# Slicer From One Table Not Working on Related Table



## MD610 (Jun 22, 2012)

This one has got me stumped because I have done the exact same thing with other sets of data.

I have 2 tables in Powerpivot:

1. Fact Table
2. Filter Table 

There are 2 fields in each table that must be concatenated to create a join key.  After creating the concatenated field in each table, the filter table is the table with unique values in the join key.

I then created a relationship between the 2 concatenated fields from each table.

I create a pivot using fields exclusively from the fact table and create slicers using fields exclusively from the filter table.

Nothing happens when I push a slicer.  I still see the full set of data from the facts table in my pivot.

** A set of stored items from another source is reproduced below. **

Lemma shifts_comb A A' B a a' (k : R) : lin1 B -> shifts A B a -> shifts A' B a' ->
  shifts (fun w => A w + k%:C *: A' w) B (a + k * a').
Proof.
move=> hB sA sA' w; have := sA w; have := sA' w.
rewrite /comm (lin1D hB) (lin1Z hB) => eA' eA.
by rewrite opprD addrACA -scalerBr eA eA' scalerA -scalerDl rmorphD rmorphM.
Qed.

Lemma eigensum0_weight A (X : eqType) (s : seq X) (lam : X -> C) (u : X -> F) :
  lin1 A -> (forall x, x \in s -> A (u x) = lam x *: u x) ->
  \sum_(x <- s) u x = 0 -> forall g : C -> C, \sum_(x <- s) g (lam x) *: u x = 0.
Proof.
move=> hA; elim: s u => [|a s IH] u eig_u sum0 g; first by rewrite big_nil.
have eig_s x : x \in s -> A (u x) = lam x *: u x.
  by move=> xs; apply: eig_u; rewrite inE xs orbT.
rewrite big_cons in sum0.
have sum_s : \sum_(x <- s) u x = - u a by apply/eqP; rewrite -addr_eq0 addrC sum0.
(* applying [A - lam a] to the relation kills [u a] and leaves a relation on [s] *)
pose u' x := (lam x - lam a) *: u x.
have eig_u' x : x \in s -> A (u' x) = lam x *: u' x.
  by move=> xs; rewrite (lin1Z hA) eig_s // !scalerA mulrC.
have sum_u' : \sum_(x <- s) u' x = 0.
  rewrite /u'; under eq_bigr do rewrite scalerBl.
  rewrite sumrB -scaler_sumr.
  have -> : \sum_(x <- s) lam x *: u x = A (\sum_(x <- s) u x).
    by rewrite (lin1_sum hA); apply: eq_big_seq => x xs; rewrite eig_s.
  by rewrite sum_s (lin1N hA) eig_u ?mem_head // scalerN subrr.
pose g' m := if m == lam a then 0 else (g m - g (lam a)) / (m - lam a).
have g'K x : g' (lam x) * (lam x - lam a) = g (lam x) - g (lam a).
  by rewrite /g'; case: eqP => [->|/eqP ne]; rewrite ?subrr ?mul0r // divfK // subr_eq0.
have := IH u' eig_u' sum_u' g'; rewrite /u'.
under eq_bigr do rewrite scalerA g'K scalerBl.
by rewrite sumrB -scaler_sumr sum_s scalerN opprK big_cons addrC => ->.
Qed.

Lemma jeig_sep A B (X : eqType) (s : seq X) (key : X -> R * R) (u : X -> F) :
  lin1 A -> lin1 B -> (forall x, x \in s -> jeig A B (key x).1 (key x).2 (u x)) ->
  \sum_(x <- s) u x = 0 -> forall P, \sum_(x <- s | key x == P) u x = 0.
Proof.
move=> hA hB eig sum0 P.
pose ind (c : R) (m : C) : C := (m == c%:C)%:R.
have sumA := eigensum0_weight (lam := fun x => (key x).1%:C) hA
  (fun x xs => (eig x xs).1) sum0 (ind P.1).
have eigB x : x \in s -> B (ind P.1 (key x).1%:C *: u x) =
    (key x).2%:C *: (ind P.1 (key x).1%:C *: u x).
  by move=> xs; rewrite (lin1Z hB) (eig x xs).2 !scalerA mulrC.
have := eigensum0_weight (lam := fun x => (key x).2%:C) hB eigB sumA (ind P.2).
move=> sumB; rewrite big_mkcond -[RHS]sumB; apply: eq_bigr => x _.
rewrite scalerA /ind -natrM !(inj_eq (@complexI R)).
rewrite -[key x == P]/(((key x).1 == P.1) && ((key x).2 == P.2)).
by case: ((key x).1 == P.1); case: ((key x).2 == P.2); rewrite ?scale1r ?scale0r.
Qed.
Lemma transversal_exists v w :
  mat_app M v = n -> mat_app M w = m -> m <> vzero ->
  exists x, cross (V x) u <> vzero /\ dot (cross (V x) u) (vadd q (vopp x)) = 0.
Proof.
  intros Hv Hw Hm.
  set (mu := nrm m). assert (Hmu : 0 < mu) by (apply nrm_pos, Hm).
  assert (Hmm : dot m m = mu * mu) by (symmetry; apply nrm_sqr).
  set (K := nrm v + nrm w + 1).
  assert (HK : 0 < K) by (unfold K; pose proof (nrm_ge0 v); pose proof (nrm_ge0 w); lra).
  set (eta := mu / (4 * K)).
  assert (Heta : 0 < eta) by (unfold eta; apply Rdiv_lt_0_compat; lra).
  destruct (M_approx eta Heta) as [rho [Hrho Happrox]].
  destruct (exists_small_pos rho (mu / 9) K Hrho ltac:(lra) HK) as [sg [Hsg [HsgK HsgK']]].
  set (z := fun s => vadd (vscale s w) (vscale sg v)).
  assert (HMz : forall s, mat_app M (z s) = vadd (vscale s m) (vscale sg n))
    by (intros s; unfold z; rewrite mat_app_lin, Hv, Hw; reflexivity).
  assert (Hz : forall s, Rabs s <= sg -> nrm (z s) <= sg * K).
  { intros s Hs. eapply Rle_trans; [apply nrm_segment_le; exact Hs|].
    apply Rmult_le_compat_l; unfold K; lra. }
  assert (Herr : forall s, Rabs s <= sg -> nrm (err (z s)) <= eta * nrm (z s))
    by (intros s Hs; apply Happrox; pose proof (Hz s Hs); lra).
  assert (Hsmall : forall s, Rabs s <= sg -> eta * nrm (z s) <= sg * mu / 4).
  { intros s Hs. replace (sg * mu / 4) with (eta * (sg * K)) by (unfold eta; field; lra).
    apply Rmult_le_compat_l; [lra|]. apply Hz, Hs. }
  set (f := fun s => dot (cross (V (vadd (vadd p (vscale sg v)) (vscale s w))) u)
                         (vadd q (vopp (vadd (vadd p (vscale sg v)) (vscale s w))))).
  assert (Hf : forall s, Rabs s <= sg -> Rabs (f s - s * (mu * mu)) <= sg * (mu * mu) / 2).
  { intros s Hs. unfold f. rewrite line_shift, <- Hmm. fold (z s).
    eapply Rle_trans; [apply (transversal_defect (z s) s sg eta); auto; lra|].
    rewrite Hmm. fold mu. pose proof (Hz s Hs). pose proof (nrm_ge0 (z s)).
    apply transversal_budget; auto; try lra. apply Rmult_le_pos; lra. }
  assert (Hfc : continuity f).
  { apply continuity_coplanarity; intros i Hi.
    - apply (continuity_along_line (fun r => coord (V r) i)), V_cont, Hi.
    - apply (continuity_along_line (fun r => coord r i)), continuous3_coord. }
  destruct (near_linear_root f sg (mu * mu) Hfc Hsg ltac:(nra) Hf) as [s0 [Hs0' Hf0]].
  exists (vadd (vadd p (vscale sg v)) (vscale s0 w)). split; [|exact Hf0].
  rewrite line_shift. fold (z s0). intros H0.
  pose proof (transversal_tilt (z s0) s0 sg eta (HMz s0) (Herr s0 Hs0')) as Hlow.
  rewrite H0, (dot_comm vzero), dot_vzero_r, Hmm in Hlow. fold mu in Hlow.
  pose proof (Hsmall s0 Hs0').
  assert (eta * nrm (z s0) * mu <= sg * mu / 4 * mu) by (apply Rmult_le_compat_r; lra).
  assert (0 < sg * mu * mu) by (repeat apply Rmult_lt_0_compat; lra).
  lra.
Qed.

Hypothesis V_line : forall x t, V (vadd x (vscale t (V x))) = V x.

Lemma rank2_excludes_parallel_line a b :
  (forall z, dot u (mat_app M z) = 0) ->
  (forall al be, (al <> 0 \/ be <> 0) ->
     vadd (vscale al (mat_app M a)) (vscale be (mat_app M b)) <> vzero) ->
  ~ on_line V p q -> V q = u \/ V q = vopp u -> False.
Proof.
  intros Horth Hind Hoff Hpar.
  assert (Hu : u <> vzero).
  { intros H. fold u in V_unit. rewrite H in V_unit. unfold dot, vzero in V_unit; simpl in V_unit.
    lra. }
  assert (Hm : m <> vzero).
  { intros H. apply Hoff. apply cross_eq0_collinear in H. fold u in V_unit.
    rewrite V_unit in H. exists (dot u (vadd q (vopp p))). apply vscale1_sub_eq, H. }
  destruct (mat_app_onto_orth M u a b Hu Horth Hind n (dot_cross_l_self u m)) as [v Hv].
  destruct (mat_app_onto_orth M u a b Hu Horth Hind m (dot_cross_l_self u _)) as [w Hw].
  destruct (transversal_exists v w Hv Hw Hm) as [x [Hx Hcop]].
  destruct (coplanar_decomp _ _ _ Hx Hcop) as [al [be Hdec]].
  apply vadd_sub_decomp in Hdec.
  apply Hx. destruct Hpar as [Hq|Hq].
  - rewrite <- Hq in Hdec. rewrite (line_fibration_meet V x q al (- be) V_line Hdec), Hq.
    apply cross_self.
  - replace (vscale (- be) u) with (vscale be (V q)) in Hdec
      by (rewrite Hq, vscale_vopp; reflexivity).
    rewrite (line_fibration_meet V x q al be V_line Hdec), Hq. apply cross_vopp_self.
Qed.

End TransversalLine.

Theorem mainTheorem3 (V : R3 -> R3) (DV : R3 -> nat -> nat -> R)
  (hfib : line_fibration V) (hJ : is_jacobian V DV)
  (hcontact : is_contact V DV) (hpar : every_line_has_parallel V) :
  forall p : R3, rank_one (DV p).
Proof.
  destruct hfib as [hsm [hunit hline]]. intros p. split.
  - apply NNPP. intros Hzero. apply (hcontact p).
    rewrite curl_eq0_of_mat_app_eq0; [apply dot_vzero_r|].
    intros v. apply NNPP. intros Hv. apply Hzero. exists v. exact Hv.
  - intros v w. apply NNPP. intros Hdep. destruct (hpar p) as [q [Hoff Hq]].
    apply (rank2_excludes_parallel_line V (DV p) p q (fun i Hi => hsm i Hi 0%nat) (hunit p)
             (jacobian_approx V DV hJ (fun i Hi => hsm i Hi 1%nat) p) hline v w
             (jacobian_orth_of_unit V DV hJ hunit p)); [|exact Hoff|exact Hq].
    intros al be Hnt Hc. apply Hdep. exists al, be. split; [exact Hnt|exact Hc].
Qed.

I can't figure out what I am doing wrong or missing.  I have done this exact sort of thing with other sets of data and never had an issue.

I've tried redoing this scenerio from scratch several times with the same outcome each time.  I'm stumped.

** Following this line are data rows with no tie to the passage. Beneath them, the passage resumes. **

(* Let $A$ be a discrete $E^0$-algebra and $D\in\mathrm{Div}(\mathbb G)(A)$. Then $\psi^k(D)=\dim(D)[0]$ for all $k\in\mathbb Z_p$ whose $p$-adic valuation $v_p(k)$ is sufficiently large.
   Context: Fix a prime $p$. $E$ is a $p$-local multiplicative cohomology theory with: $E^0$ commutative complete local Noetherian with maximal ideal $\mathfrak m$; $E^{\mathrm{odd}}(\mathrm{pt})=0$; a unit in $E^{-2}$; commutative if $p>2$, quasi-commutative if $p=2$. Then $E^0\mathbb{CP}^\infty=E^0[[x]]$, giving a formal group law $F$ of finite height mod $\mathfrak m$; $\mathbb G=\mathrm{spf}(E^0[[x]])$ over $X=\mathrm{spf}(E^0)$. A discrete $E^0$-algebra is an $E^0$-algebra $A$ with $\mathfrak m^NA=0$ for some $N$. $\mathrm{Div}^+_d(\mathbb G)=\mathbb G^d/\Sigma_d$ is the scheme of effective divisors of degree $d$ (points: monic degree-$d$ polynomials with nilpotent lower coefficients; $[a]$ has equation $t-x(a)$), $\mathrm{Div}^+(\mathbb G)=\coprod_d\mathrm{Div}^+_d(\mathbb G)$ is the free commutative monoid scheme on $\mathbb G$, and $\mathrm{Div}(\mathbb G)=\underline{\mathbb Z}\times\mathrm{colim}_d\mathrm{Div}^+_d(\mathbb G)$ is the free commutative group scheme on $\mathbb G$; it is a $\Lambda$-ring scheme with $(\sum[a_i])(\sum[b_j])=\sum[a_i+b_j]$ on effective divisors, and $\dim\colon\mathrm{Div}(\mathbb G)\to\underline{\mathbb Z}$ is the degree (a locally constant function; over a product ring $A=\prod A_i$ it is a tuple of integers). For $k\in\mathbb Z_p$, $\psi^k\colon\mathrm{Div}(\mathbb G)\to\mathrm{Div}(\mathbb G)$ is the ring-scheme map induced by multiplication by $k$ on $\mathbb G$, i.e. $\psi^k(\sum_in_i[a_i])=\sum_in_i[ka_i]$, and $\dim(D)[0]$ means $\dim(D)$ times the unit $[0]$. *)

From Stdlib Require Import ClassicalEpsilon.
From HB Require Import structures.
From mathcomp Require Import all_boot all_order all_algebra.
Set Implicit Arguments. Unset Strict Implicit. Unset Printing Implicit Defensive.
Import Order.TTheory GRing.Theory Num.Theory.
Local Open Scope ring_scope.

Section Ideals.
Variable R : comNzRingType.

Definition is_ideal (I : {pred R}) : Prop :=
  [/\ 0 \in I, (forall x y, x \in I -> y \in I -> x + y \in I)
    & (forall r x, x \in I -> r * x \in I)].

Definition proper_ideal (I : {pred R}) : Prop := is_ideal I /\ 1 \notin I.

Definition local_with_max (m : {pred R}) : Prop :=
  proper_ideal m /\ forall J : {pred R}, proper_ideal J -> {subset J <= m}.

Definition in_span (s : seq R) (x : R) : Prop :=
  exists r : (size s).-tuple R, x = \sum_(i < size s) r`_i * s`_i.

Definition noetherian : Prop :=
  forall I : {pred R}, is_ideal I ->
    exists s : seq R, forall x, x \in I <-> in_span s x.

Definition in_mpow (m : {pred R}) (n : nat) (x : R) : Prop :=
  exists s : seq (R * n.-tuple R),
    all (fun rt => all (fun y => y \in m) (tval rt.2)) s /\
    x = \sum_(rt <- s) rt.1 * \prod_(y <- tval rt.2) y.

Definition madic_complete (m : {pred R}) : Prop :=
  (forall u : nat -> R, (forall n, in_mpow m n (u n.+1 - u n)) ->
     exists l, forall n, in_mpow m n (l - u n)) /\
  (forall x, (forall n, in_mpow m n x) -> x = 0).

Definition madic_lim (m : {pred R}) (u : nat -> R) (l : R) : Prop :=
  forall n, exists J, forall j, (J <= j)%N -> in_mpow m n (u j - l).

My ultimate goal is to relate the filter table to a second fact table so that one set of slicers can filter pivots from each table.  Otherwise, if I was only using data from a single table, I would just use the RELATED() function to pull my filter fields into the fact table.

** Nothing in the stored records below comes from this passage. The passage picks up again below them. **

Lemma Rsup_ge (S : R -> Prop) (r : R) : bound S -> S r -> r <= Rsup S.
Proof. intros Hb Hr. apply (Rsup_lub S Hb (ex_intro _ r Hr)), Hr. Qed.

(* The hypothesis [0 <= M] covers the junk value [Rsup S = 0] of an unbounded [S]. *)
Lemma Rsup_le (S : R -> Prop) (M : R) : 0 <= M -> (forall r, S r -> r <= M) -> Rsup S <= M.
Proof.
  intros HM H. unfold Rsup. destruct excluded_middle_informative as [H'|H'].
  - destruct (completeness S (proj1 H') (proj2 H')) as [m Hm]; simpl. apply Hm. exact H.
  - exact HM.
Qed.

Lemma Rinf_le (S : R -> Prop) (s M : R) : S s -> s <= M -> 0 <= M -> Rinf S <= M.
Proof.
  intros Hs HsM HM. unfold Rinf, Rsup. destruct excluded_middle_informative as [H|H].
  - destruct (completeness _ (proj1 H) (proj2 H)) as [m Hm].
    assert (-s <= m) by (apply Hm; rewrite Ropp_involutive; exact Hs). simpl. lra.
  - lra.
Qed.

Lemma Rinf_approx (S : R -> Prop) (M eps : R) :
  (exists s, S s) -> Rinf S <= M -> eps > 0 -> exists s, S s /\ s < M + eps.
Proof.
  intros [s0 Hs0] HI He. apply NNPP; intros Hno.
  assert (Hall : forall s, S s -> M + eps <= s).
  { intros s Hs. apply Rnot_lt_le. intros Hlt. apply Hno. exists s; auto. }
  assert (Hb : bound (fun r => S (- r))).
  { exists (-(M+eps)). intros r Hr. apply Hall in Hr. lra. }
  assert (Hne : exists r, S (- r)) by (exists (-s0); rewrite Ropp_involutive; exact Hs0).
  assert (Rsup (fun r => S (- r)) <= -(M+eps)).
  { apply (Rsup_lub _ Hb Hne). intros r Hr. apply Hall in Hr. lra. }
  unfold Rinf in HI. lra.
Qed.

Lemma Rabs_le_iff (x a : R) : Rabs x <= a <-> -a <= x <= a.
Proof. unfold Rabs; destruct Rcase_abs; split; intros; lra. Qed.

Lemma eq0_of_Rabs_le_small (r K : R) :
  0 <= K -> (forall eta, eta > 0 -> Rabs r <= K * eta) -> r = 0.
Proof.
  intros HK H. destruct (Req_dec r 0) as [|Hr]; auto. exfalso.
  assert (Ha : Rabs r > 0) by (apply Rabs_pos_lt; auto).
  specialize (H (Rabs r / (K + 1)) ltac:(apply Rdiv_lt_0_compat; lra)).
  assert (K * (Rabs r / (K + 1)) < Rabs r).
  { unfold Rdiv. rewrite <- Rmult_assoc. apply (Rmult_lt_reg_r (K+1)); [lra|].
    rewrite Rmult_assoc, Rinv_l by lra. nra. }
  lra.
Qed.

Section Subspaces.
Context {X : NormedSpace}.

Definition near (S : X -> Prop) (x : X) (eta : R) : Prop :=
  exists e, S e /\ vnorm (vsub x e) < eta.

Definition dense (S : X -> Prop) : Prop := forall x eta, eta > 0 -> near S x eta.

Definition line_sum (S : X -> Prop) (e : X) (z : X) : Prop :=
  exists c y, S y /\ z = vadd (vscal c e) y.

Fixpoint span_sum (S : X -> Prop) (l : list X) : X -> Prop :=
  match l with
  | [] => S
  | e :: l' => line_sum (span_sum S l') e
  end.

Lemma near_le (S : X -> Prop) x a b : near S x a -> a <= b -> near S x b.
Proof. intros [e [He Hx]] Hab. exists e; split; [exact He | lra]. Qed.

Lemma line_sum_subspace (S : X -> Prop) e : subspace S -> subspace (line_sum S e).
Proof.
  intros [S0 [Sadd Sscal]]. split; [|split].
  - exists 0, vzero. split; auto. vring [e].
  - intros x y [c [u [Hu ->]]] [c' [u' [Hu' ->]]]. exists (c + c'), (vadd u u').
    split; auto. vring [e; u; u'].
  - intros r x [c [u [Hu ->]]]. exists (r * c), (vscal r u). split; auto. vring [e; u].
Qed.
(* Let $(G_1,\oplus_1,\otimes_1)$ and $(G_2,\oplus_2,\otimes_2)$ be generalized gyrovector spaces (GGV's), with gyrometrics $\varrho_1$ and $\varrho_2$ respectively. Suppose $T:G_1\to G_2$ is a surjection that preserves the gyrometric, i.e. $\varrho_2(T\mathbf a,T\mathbf b)=\varrho_1(\mathbf a,\mathbf b)$ for all $\mathbf a,\mathbf b\in G_1$. Then $T$ preserves gyromidpoints: for all $\mathbf a,\mathbf b\in G_1$, \[\mathbf p_2(T\mathbf a,T\mathbf b)=T\,\mathbf p_1(\mathbf a,\mathbf b),\] where $\mathbf p_i$ denotes the gyromidpoint in $G_i$.
   Context: A gyrogroup $(G,\oplus)$ is a set with a binary operation $\oplus$ such that: there is $e\in G$ with $e\oplus a=a$ for all $a$; each $a$ has $\ominus a$ with $\ominus a\oplus a=e$; for all $a,b$ there is an automorphism $\mathrm{gyr}[a,b]$ of $(G,\oplus)$ with $a\oplus(b\oplus c)=(a\oplus b)\oplus\mathrm{gyr}[a,b]c$ for all $c$ (left gyroassociativity); and $\mathrm{gyr}[a,b]=\mathrm{gyr}[a\oplus b,b]$ (left loop property). It is gyrocommutative if $a\oplus b=\mathrm{gyr}[a,b](b\oplus a)$. Write $a\ominus b=a\oplus(\ominus b)$. A generalized gyrovector space (GGV) $(G,\oplus,\otimes)$ consists of a gyrocommutative gyrogroup $(G,\oplus)$, a map $\otimes:\mathbb R\times G\to G$, and an injection $\phi$ of $G$ into a real normed space $(V,\|\cdot\|)$ such that for all $a,b,u,v\in G$ and $r,r_1,r_2\in\mathbb R$: (GGV0) $\|\phi(\mathrm{gyr}[u,v]a)\|=\|\phi(a)\|$; (GGV1) $1\otimes a=a$; (GGV2) $(r_1+r_2)\otimes a=(r_1\otimes a)\oplus(r_2\otimes a)$; (GGV3) $(r_1r_2)\otimes a=r_1\otimes(r_2\otimes a)$; (GGV4) $\phi(|r|\otimes a)/\|\phi(r\otimes a)\|=\phi(a)/\|\phi(a)\|$ for $a\neq e$, $r\neq 0$; (GGV5) $\mathrm{gyr}[u,v](r\otimes a)=r\otimes\mathrm{gyr}[u,v]a$; (GGV6) $\mathrm{gyr}[r_1\otimes v,r_2\otimes v]$ is the identity map; (GGVV) the set $\|\phi(G)\|=\{\pm\|\phi(a)\|:a\in G\}\subset\mathbb R$ is a real one-dimensional vector space under some addition $\oplus'$ and scalar multiplication $\otimes'$; (GGV7) $\|\phi(r\otimes a)\|=|r|\otimes'\|\phi(a)\|$; (GGV8) $\|\phi(a\oplus b)\|\le\|\phi(a)\|\oplus'\|\phi(b)\|$ (usual order of $\mathbb R$). The gyrometric of a GGV is $\varrho(a,b)=\|\phi(\ominus a\oplus b)\|$. The gyromidpoint of $a,b$ is $\mathbf p(a,b)=\tfrac12\otimes(a\boxplus b)$, where $a\boxplus b=a\oplus\mathrm{gyr}[a,\ominus b]b$ is the cooperation. *)

From Stdlib Require Import Reals.
Open Scope R_scope.

Record NormedSpace := {
  nv_car :> Type;
  nv_add : nv_car -> nv_car -> nv_car;
  nv_zero : nv_car;
  nv_opp : nv_car -> nv_car;
  nv_scal : R -> nv_car -> nv_car;
  nv_norm : nv_car -> R;
  nv_addA : forall x y z, nv_add x (nv_add y z) = nv_add (nv_add x y) z;
  nv_addC : forall x y, nv_add x y = nv_add y x;
  nv_add0 : forall x, nv_add x nv_zero = x;
  nv_addN : forall x, nv_add x (nv_opp x) = nv_zero;
  nv_scalA : forall r s x, nv_scal r (nv_scal s x) = nv_scal (r * s) x;
  nv_scal1 : forall x, nv_scal 1 x = x;
  nv_scalDr : forall r x y, nv_scal r (nv_add x y) = nv_add (nv_scal r x) (nv_scal r y);
  nv_scalDl : forall r s x, nv_scal (r + s) x = nv_add (nv_scal r x) (nv_scal s x);
  nv_norm_eq0 : forall x, nv_norm x = 0 -> x = nv_zero;
  nv_normZ : forall r x, nv_norm (nv_scal r x) = Rabs r * nv_norm x;
  nv_normD : forall x y, nv_norm (nv_add x y) <= nv_norm x + nv_norm y
}.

If anyone has any ideas or suggestions, I would really appreciate it.  I'm hoping that I have just been staring at the computer screen too long and am just overlooking something simple.


----------



## masplin (Jun 23, 2012)

first thing to check is in the relationship maanger does your relationship say "Yes". I've had this before when I think my relationship has bene established, but then looked here and it hasn't for some reason. Seems unlikely but first step.  Have you tried created a RELATED column in your fact table just to prove the relationship is working?

Mike


----------



## MD610 (Jun 25, 2012)

Thanks for your response.  Yes I have verified both of the things you suggest.  The relationship is Active and I can pull data from the filter table into the fact table using RELATED just fine.


----------



## masplin (Jun 25, 2012)

Just one more check which I cant imagine isnt ok is the slicer connections on the pivot table menu. Options/insert slicer/slicer connections. Just check the ones you expect are ticked.


----------



## MD610 (Jun 29, 2012)

Yes.  All that was checked and confirmed.  I finally gave up trying to figure this out strictly with PowerPivot.  I did some preprocessing of my tables in SQL server to reformat everything I needed into a single table.  Not a solution for everyone and it probably wouldn't work quite as well in every situaiton but for my needs it worked out.  If you know a little SQL (or even just have some solid Access skills) sometimes it just makes life easier to address these issues in the source data.


----------